Task goal:
Please transcribe the listing below exactly, but only from the line containing "Lemma cost_eq_prefix i" through its last line.
─── Data to process
(* Let $v\in V^X$ with $I(v)=J_\ell$ for some $\ell\in\{1,\dots,N-1\}$, let $k\in\mathbb{N}$ and $i\in\Pi$, and suppose there exists $c\in\mathbb{N}$ such that $\sup\{\mathrm{Cost}_i(\rho)\mid\rho\in\Lambda^k(v)\}=c$. Then $c\le\mathcal{O}\big(|V|^{(|V|+3)(|\Pi|+2)}\big)$.
   Context: Let $\mathcal{G}$ be a quantitative reachability game on an arena $G=(\Pi,V,(V_i)_{i\in\Pi},E)$ (finite player set $\Pi$, finite vertex set $V$ with $|V|\ge2$, $|\Pi|\le|V|$, partition $(V_i)$, every vertex has a successor) with targets $F_i\subseteq V$ and costs $\mathrm{Cost}_i(\rho)=$ least $k$ with $\rho_k\in F_i$ (or $+\infty$); $v_0\in V$. Extended game: arena $X$ with vertices $V^X=V\times2^\Pi$, edges $((v,I),(v',I'))\in E^X$ iff $(v,v')\in E$ and $I'=I\cup\{i:v'\in F_i\}$, $(v,I)\in V^X_i$ iff $v\in V_i$, targets $F^X_i=\{(v,I):i\in I\}$ with corresponding reachability costs $\mathrm{Cost}_i$; $x_0=(v_0,\{i:v_0\in F_i\})$; $I(u)$ is the second component. $\mathcal{I}$ is the set of $I$ with some $(v,I)$ reachable from $x_0$, $N=|\mathcal{I}|$, $J_1<\dots<J_N$ a fixed total order of $\mathcal{I}$ extending $I<I'$ iff $I\ne I'$ and some $(v',I')$ is reachable from some $(v,I)$. $V^{\ge J_n}=\{(v,J_m):v\in V,m\ge n\}$. Labelings: for $\lambda:V^X\to\mathbb{N}\cup\{+\infty\}$, a play $\rho$ of $X$ is $\lambda$-consistent if $\mathrm{Cost}_i(\rho_{\ge n})\le\lambda(\rho_n)$ whenever $\rho_n\in V^X_i$. $\lambda^0(u)=0$ if $u\in V^X_i$ and $i\in I(u)$, else $+\infty$. The update of $\lambda^k$ w.r.t. $V^{\ge J_n}$ keeps values outside $V^{\ge J_n}$ and for $u\in V^{\ge J_n}\cap V^X_i$ sets $\lambda^{k+1}(u)=0$ if $i\in I(u)$, otherwise $1+\min_{(u,u')\in E^X}\sup\{\mathrm{Cost}_i(\rho):\rho\in\Lambda^k(u')\}$ ($1+(+\infty)=+\infty$). The sequence is generated by $n_0=N$, $\lambda^{k+1}=$ update of $\lambda^k$ w.r.t. $V^{\ge J_{n_k}}$, $n_{k+1}=n_k-1$ if $\lambda^{k+1}=\lambda^k$ and $n_k>1$, else $n_{k+1}=n_k$. $\Lambda^k(v)$ is the set of $\lambda^k$-consistent plays from $v$. The $\mathcal{O}$ is with respect to the game parameters $|V|,|\Pi|$. *)

From Stdlib Require Import ClassicalEpsilon.
From mathcomp Require Import all_boot.


(* A quantitative reachability game: players Pl, vertices Vt, the partition
   (V_i) given by the owner map, edges, targets F_i, initial vertex v_0. *)
Record game := Game {
  Pl : finType;
  Vt : finType;
  owner : Vt -> Pl;
  edge : rel Vt;
  target : Pl -> {set Vt};
  init : Vt }.

Set Implicit Arguments.
Unset Strict Implicit.
Unset Printing Implicit Defensive.

Definition xvert (G : game) : finType := (Vt G * {set Pl G})%type.

Definition xedge (G : game) : rel (xvert G) :=
  fun u u' => edge G u.1 u'.1 && (u'.2 == u.2 :|: [set i | u'.1 \in target G i]).

Definition xowner (G : game) (u : xvert G) : Pl G := owner G u.1.

Definition xinit (G : game) : xvert G := (init G, [set i | init G \in target G i]).

Definition play (G : game) (rho : nat -> xvert G) : Prop :=
  forall n, @xedge G (rho n) (rho n.+1).

Definition suffix (G : game) (rho : nat -> xvert G) (n : nat) : nat -> xvert G :=
  fun m => rho (n + m).

(* ---------- N u {+oo}, encoded as option nat with None = +oo ---------- *)
Definition ele (x y : option nat) : Prop :=
  match x, y with
  | _, None => True
  | None, Some _ => False
  | Some a, Some b => a <= b
  end.

Definition is_esup (S : option nat -> Prop) (s : option nat) : Prop :=
  (forall x, S x -> ele x s) /\ (forall t, (forall x, S x -> ele x t) -> ele s t).

Definition esup (S : option nat -> Prop) : option nat :=
  epsilon (inhabits None) (is_esup S).

Definition emin (x y : option nat) : option nat :=
  match x, y with
  | None, _ => y
  | _, None => x
  | Some a, Some b => Some (minn a b)
  end.

Definition esucc (x : option nat) : option nat := omap S x.

Definition is_first (p : pred nat) (o : option nat) : Prop :=
  match o with
  | Some k => p k /\ (forall j, p j -> k <= j)
  | None => forall j, ~~ p j
  end.

Definition first_hit (p : pred nat) : option nat :=
  epsilon (inhabits None) (is_first p).

(* Cost_i(rho) = least k with rho_k in F^X_i = {(v,I) | i \in I} *)
Definition cost (G : game) (i : Pl G) (rho : nat -> xvert G) : option nat :=
  first_hit (fun k => i \in (rho k).2).

Definition labeling (G : game) := xvert G -> option nat.

Definition consistent (G : game) (lam : labeling G) (rho : nat -> xvert G) : Prop :=
  forall n, ele (cost (xowner (rho n)) (suffix rho n)) (lam (rho n)).

Definition Lambda (G : game) (lam : labeling G) (u : xvert G) (rho : nat -> xvert G) : Prop :=
  [/\ play rho, rho 0 = u & consistent lam rho].

Definition sup_cost (G : game) (lam : labeling G) (i : Pl G) (u : xvert G) : option nat :=
  esup (fun x => exists rho, Lambda lam u rho /\ x = cost i rho).

Definition lambda0 (G : game) : labeling G :=
  fun u => if xowner u \in u.2 then Some 0 else None.

(* J is the list [J_1; ...; J_N] *)
Definition reachI (G : game) (I : {set Pl G}) : Prop :=
  exists v : Vt G, connect (@xedge G) (@xinit G) ((v, I) : xvert G).

Definition valid_order (G : game) (J : seq {set Pl G}) : Prop :=
  [/\ uniq J,
      (forall I, I \in J <-> reachI I) &
      (forall u u' : xvert G, connect (@xedge G) u u' -> u.2 != u'.2 ->
         u.2 \in J -> u'.2 \in J -> index u.2 J < index u'.2 J)].

(* J_n, 1-indexed *)
Definition Jn (G : game) (J : seq {set Pl G}) (n : nat) : {set Pl G} := nth set0 J n.-1.

Definition in_geq (G : game) (J : seq {set Pl G}) (n : nat) (u : xvert G) : bool :=
  (u.2 \in J) && (n.-1 <= index u.2 J).

Definition update (G : game) (J : seq {set Pl G}) (lam : labeling G) (n : nat) : labeling G :=
  fun u =>
    if in_geq J n u then
      if xowner u \in u.2 then Some 0
      else esucc (\big[emin/None]_(u' | @xedge G u u') sup_cost lam (xowner u) u')
    else lam u.

Definition step (G : game) (J : seq {set Pl G}) (s : labeling G * nat) : labeling G * nat :=
  let: (lam, n) := s in
  let lam' := update J lam n in
  (lam', if [forall u, lam' u == lam u] && (1 < n) then n.-1 else n).

Definition lam_seq (G : game) (J : seq {set Pl G}) (k : nat) : labeling G * nat :=
  iter k (step J) (@lambda0 G, size J).

Definition lam_k (G : game) (J : seq {set Pl G}) (k : nat) : labeling G := (lam_seq J k).1.

From Pilot Require Import Defs.
From mathcomp Require Import all_boot zify.
From Stdlib Require Import ClassicalEpsilon Classical FunctionalExtensionality.

Set Implicit Arguments.
Unset Strict Implicit.
Unset Printing Implicit Defensive.

(* If every finite label is at most L, a finite supremum of Cost_i over the
   consistent plays from a vertex is at most |Pi| L + |V| (|Pi| + 1).  Indeed,
   on a consistent play of larger cost call a position settled when every
   earlier position with a finite label has already seen its owner's target.
   Such an owner is served within L steps and the sets I only grow, so at
   most |Pi| L positions are unsettled; two settled positions before the cost
   is paid therefore carry the same vertex of X, and repeating the loop
   between them gives a consistent play of strictly larger cost.
   Along lambda^k labels only decrease, and a label that becomes finite is
   1 + such a supremum.  Ordering the sets I by size and, for equal I, by the
   number of finite labels, each new label is at most |V| times an earlier
   bound plus O(|V|^2); after at most |V| (|Pi| + 1) such steps this gives
   |V|^O(|V| |Pi|). *)

Lemma ele_refl x : ele x x.
Proof. by case: x => /=. Qed.

Lemma ele_trans y x z : ele x y -> ele y z -> ele x z.
Proof. by case: x => [a|]; case: y => [b|]; case: z => [c|] //=; lia. Qed.

Lemma esup_spec S : is_esup S (esup S).
Proof.
rewrite /esup; apply: epsilon_spec.
have [[B0 ubB0]|unbounded] := classic (exists B, forall x, S x -> ele x (Some B)).
  pose boundb B := if excluded_middle_informative (forall x, S x -> ele x (Some B))
                   then true else false.
  have boundbP B : reflect (forall x, S x -> ele x (Some B)) (boundb B).
    by rewrite /boundb; case: excluded_middle_informative => h; constructor.
  have exB : exists B, boundb B by exists B0; apply/boundbP.
  case: (ex_minnP exB) => B /boundbP ubB minB.
  exists (Some B); split=> // -[T|] ubT //=.
  by apply/minB/boundbP.
exists None; split=> [[]//|[T|] ubT] //.
by case: unbounded; exists T.
Qed.

Lemma esup_mono (S S' : option nat -> Prop) :
  (forall x, S x -> S' x) -> ele (esup S) (esup S').
Proof.
move=> sub; have [ub _] := esup_spec S'; have [_ least] := esup_spec S.
by apply: least => x /sub; apply: ub.
Qed.

(* [Some 0] must be excluded: it is also the supremum of the empty set. *)
Lemma esup_attained S s : is_esup S (Some s.+1) -> S (Some s.+1).
Proof.
case=> ub least; apply: NNPP => notS.
suff : ele (Some s.+1) (Some s) by rewrite /= ltnn.
apply: least => -[x|] Sx; have /= := ub _ Sx => //.
by rewrite leq_eqVlt ltnS => /orP[/eqP xs|//]; case: notS; rewrite -xs.
Qed.

Lemma emin_eq x y : emin x y = x \/ emin x y = y.
Proof.
case: x => [a|]; case: y => [b|] /=; auto.
by case: (leqP a b) => ab; [left | right]; congr Some; lia.
Qed.

Lemma emin_mono x1 x2 y1 y2 : ele x1 x2 -> ele y1 y2 -> ele (emin x1 y1) (emin x2 y2).
Proof. by case: x1 => [a1|]; case: x2 => [a2|]; case: y1 => [b1|]; case: y2 => [b2|] //=; lia. Qed.

Lemma esucc_mono x y : ele x y -> ele (esucc x) (esucc y).
Proof. by case: x => [a|]; case: y => [b|]. Qed.

Lemma bigmin_mono (T : finType) (P : pred T) (F F' : T -> option nat) :
  (forall w, ele (F w) (F' w)) ->
  ele (\big[emin/None]_(w | P w) F w) (\big[emin/None]_(w | P w) F' w).
Proof. by move=> le; apply: (big_ind2 ele) => // *; apply: emin_mono. Qed.

Lemma bigmin_Some (T : finType) (P : pred T) (F : T -> option nat) a :
  \big[emin/None]_(w | P w) F w = Some a -> exists2 w, P w & F w = Some a.
Proof.
elim/big_ind: _ => [//|x y IHx IHy|w Pw Fw]; last by exists w.
by case: (emin_eq x y) => ->.
Qed.

Lemma first_hit_spec p : is_first p (first_hit p).
Proof.
rewrite /first_hit; apply: epsilon_spec.
have [[k pk]|none] := classic (exists k, p k).
  by case: (ex_minnP (ex_intro _ k pk)) => m pm minm; exists (Some m).
by exists None => j; apply/negP => pj; apply: none; exists j.
Qed.

Lemma card_window N (A : {set 'I_N}) L :
  (forall x y, x \in A -> y \in A -> x < y + L) -> #|A| <= L.
Proof.
case: L => [|L] near.
  rewrite leqn0 cards_eq0; apply/eqP/setP => x; rewrite inE; apply/negP => xA.
  by have := near x x xA xA; rewrite addn0 ltnn.
pose residue (x : 'I_N) : 'I_L.+1 := Ordinal (ltn_pmod x (ltn0Sn L)).
have inj : {in A &, injective residue}.
  move=> x y xA yA /(congr1 val) /= e; apply/val_inj => /=.
  wlog yx : x y xA yA e / y <= x => [hyp|].
    by case: (leqP y x) => [|/ltnW] le; [apply: hyp | apply/esym/hyp].
  move/eqP: e; rewrite eqn_mod_dvd // => div.
  have := near x y xA yA; case: (posnP (x - y)) => [|pos]; first lia.
  by have := dvdn_leq pos div; lia.
by rewrite -(card_in_imset inj); apply: leq_trans (max_card _) _; rewrite card_ord.
Qed.

Lemma card_bigcup_le (T I : finType) (F : I -> {set T}) :
  #|\bigcup_(i : I) F i| <= \sum_(i : I) #|F i|.
Proof.
elim/big_rec2: _ => [|i n U _ le]; first by rewrite cards0.
by apply: leq_trans (leq_card_setU _ _).1 _; rewrite leq_add2l.
Qed.

Section Plays.
Variable G : game.
Implicit Types (rho : nat -> xvert G) (lam : labeling G) (i j : Pl G).

Lemma cost_Some i rho e :
  cost i rho = Some e <-> i \in (rho e).2 /\ (forall m, m < e -> i \notin (rho m).2).
Proof.
have := first_hit_spec (fun k => i \in (rho k).2); rewrite -/(cost i rho).
case: (cost i rho) => [k [hk mink]|none]; split => //.
- by case=> <-; split=> // m mk; apply/negP => /mink; rewrite leqNgt mk.
- case=> he mine; congr Some; apply/eqP; rewrite eqn_leq mink // leqNgt.
  by apply/negP => /mine; rewrite hk.
- by case=> he _; move: (none e); rewrite he.
Qed.

Lemma cost_le_hit i rho e0 :
  i \in (rho e0).2 -> exists2 e, cost i rho = Some e & e <= e0.
Proof.
have := first_hit_spec (fun k => i \in (rho k).2); rewrite -/(cost i rho).
case: (cost i rho) => [k [_ mink]|none] he0; first by exists k => //; apply: mink.
by move: (none e0); rewrite he0.
Qed.

Lemma cost_eq_prefix i rho rho' e0 :
  i \in (rho e0).2 -> (forall m, m <= e0 -> rho m = rho' m) -> cost i rho = cost i rho'.
Proof.
move=> he0 agree; have [e ce le] := cost_le_hit he0.
rewrite ce; symmetry; case/cost_Some: ce => he mine; apply/cost_Some; split.
  by rewrite -agree.
move=> m me; rewrite -agree; first exact: mine.
exact: ltnW (leq_trans me le).
Qed.

Lemma play_subset rho n m : play rho -> n <= m -> (rho n).2 \subset (rho m).2.
Proof.
move=> pl /subnKC <-; elim: (m - n) => [|d IH]; first by rewrite addn0.
apply: subset_trans IH _; rewrite addnS.
by case/andP: (pl (n + d)) => _ /eqP ->; apply: subsetUl.
Qed.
──────
Response:
Lemma cost_eq_prefix i rho rho' e0 :
  i \in (rho e0).2 -> (forall m, m <= e0 -> rho m = rho' m) -> cost i rho = cost i rho'.
Proof.
move=> he0 agree; have [e ce le] := cost_le_hit he0.
rewrite ce; symmetry; case/cost_Some: ce => he mine; apply/cost_Some; split.
  by rewrite -agree.
move=> m me; rewrite -agree; first exact: mine.
exact: ltnW (leq_trans me le).
Qed.

Lemma play_subset rho n m : play rho -> n <= m -> (rho n).2 \subset (rho m).2.
Proof.
move=> pl /subnKC <-; elim: (m - n) => [|d IH]; first by rewrite addn0.
apply: subset_trans IH _; rewrite addnS.
by case/andP: (pl (n + d)) => _ /eqP ->; apply: subsetUl.
Qed.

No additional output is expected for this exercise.